===== GIVEN ENTRIES =====
(* Let $c>0$, $f>0$, $d\in\mathbb R$ and $n\ge 1$. Let $\eta$ be a real function that is continuously differentiable on a neighbourhood of $0$ in $H^2$, with $\eta$ and $\partial_t\eta$ bounded there. Define, for $v>0$, $$\chi(t,v)=\frac{c}{v}\exp\!\Big(-\frac{f}{v^{2}}\,(t+d\,v^n)^2\Big)+\eta(t,v),$$ and $\chi(t,0)=\eta(t,0)$ for $t\neq0$. Then there exist $\omega>0$ and a sufficiently small $\mathcal U$ such that $\chi\in\Psi_1^\omega(\mathcal U)$, where the function $\nu(t)$ in condition 2 of the definition can be chosen such that $\nu(t)^{-1}\to 0$ as $|t|\to 0$.
   Context: Let $H^2=\{(t,v)\in\mathbb R^2: v\ge 0\}$. $\mathcal U\subseteq H^2$ denotes the intersection of an open neighbourhood of $0\in\mathbb R^2$ with $H^2$, and $\mathcal U^*=\mathcal U\setminus\{0\}$. For $\omega>0$, $\Psi_1^\omega(\mathcal U)$ denotes the set of continuous real-valued functions $\chi$ on $\mathcal U^*$ such that: 1. $\chi$ is continuously differentiable on $\{(t,v)\in\mathcal U^*: v\neq 0\}$; 2. there is a function $t\mapsto\nu(t)>0$ (defined for $t\neq 0$) such that $|\chi(t,v)|\le\omega$ for all $(t,v)\in\mathcal U^*$ with $0\le v<|t|/\nu(t)$; 3. there are positive constants $c,K_1,K_2,\epsilon$ such that for all $(t,v)\in\mathcal U^*$ with $v\neq 0$: $\left|\chi(0,v)-\frac{c}{v}\right|<\frac{K_1}{v^{1-\epsilon}}$ (whenever $(0,v)\in\mathcal U^*$) and $\left|\frac{\partial}{\partial t}\chi(t,v)\right|<\frac{K_2}{v^2}$. (The constant $c$ in condition 3 is any positive constant, not necessarily the $c$ in the formula for $\chi$. Interpretation: $v=L^{-D}$, $t=(T-T_c(\infty))/T_c(\infty)$ measures the distance to the infinite-volume transition point, and the peak location converges as $|T_c(L)-T_c(\infty)|\le C L^{-m}$ with $m=nD\ge D$.) *)

From Stdlib Require Import Reals.
From Coquelicot Require Import Coquelicot.
Open Scope R_scope.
=====
(ASSIGNED TASK)
All the lines above need to be retyped exactly, with nothing left out.

(SOLUTION)
(* Let $c>0$, $f>0$, $d\in\mathbb R$ and $n\ge 1$. Let $\eta$ be a real function that is continuously differentiable on a neighbourhood of $0$ in $H^2$, with $\eta$ and $\partial_t\eta$ bounded there. Define, for $v>0$, $$\chi(t,v)=\frac{c}{v}\exp\!\Big(-\frac{f}{v^{2}}\,(t+d\,v^n)^2\Big)+\eta(t,v),$$ and $\chi(t,0)=\eta(t,0)$ for $t\neq0$. Then there exist $\omega>0$ and a sufficiently small $\mathcal U$ such that $\chi\in\Psi_1^\omega(\mathcal U)$, where the function $\nu(t)$ in condition 2 of the definition can be chosen such that $\nu(t)^{-1}\to 0$ as $|t|\to 0$.
   Context: Let $H^2=\{(t,v)\in\mathbb R^2: v\ge 0\}$. $\mathcal U\subseteq H^2$ denotes the intersection of an open neighbourhood of $0\in\mathbb R^2$ with $H^2$, and $\mathcal U^*=\mathcal U\setminus\{0\}$. For $\omega>0$, $\Psi_1^\omega(\mathcal U)$ denotes the set of continuous real-valued functions $\chi$ on $\mathcal U^*$ such that: 1. $\chi$ is continuously differentiable on $\{(t,v)\in\mathcal U^*: v\neq 0\}$; 2. there is a function $t\mapsto\nu(t)>0$ (defined for $t\neq 0$) such that $|\chi(t,v)|\le\omega$ for all $(t,v)\in\mathcal U^*$ with $0\le v<|t|/\nu(t)$; 3. there are positive constants $c,K_1,K_2,\epsilon$ such that for all $(t,v)\in\mathcal U^*$ with $v\neq 0$: $\left|\chi(0,v)-\frac{c}{v}\right|<\frac{K_1}{v^{1-\epsilon}}$ (whenever $(0,v)\in\mathcal U^*$) and $\left|\frac{\partial}{\partial t}\chi(t,v)\right|<\frac{K_2}{v^2}$. (The constant $c$ in condition 3 is any positive constant, not necessarily the $c$ in the formula for $\chi$. Interpretation: $v=L^{-D}$, $t=(T-T_c(\infty))/T_c(\infty)$ measures the distance to the infinite-volume transition point, and the peak location converges as $|T_c(L)-T_c(\infty)|\le C L^{-m}$ with $m=nD\ge D$.) *)

From Stdlib Require Import Reals.
From Coquelicot Require Import Coquelicot.
Open Scope R_scope.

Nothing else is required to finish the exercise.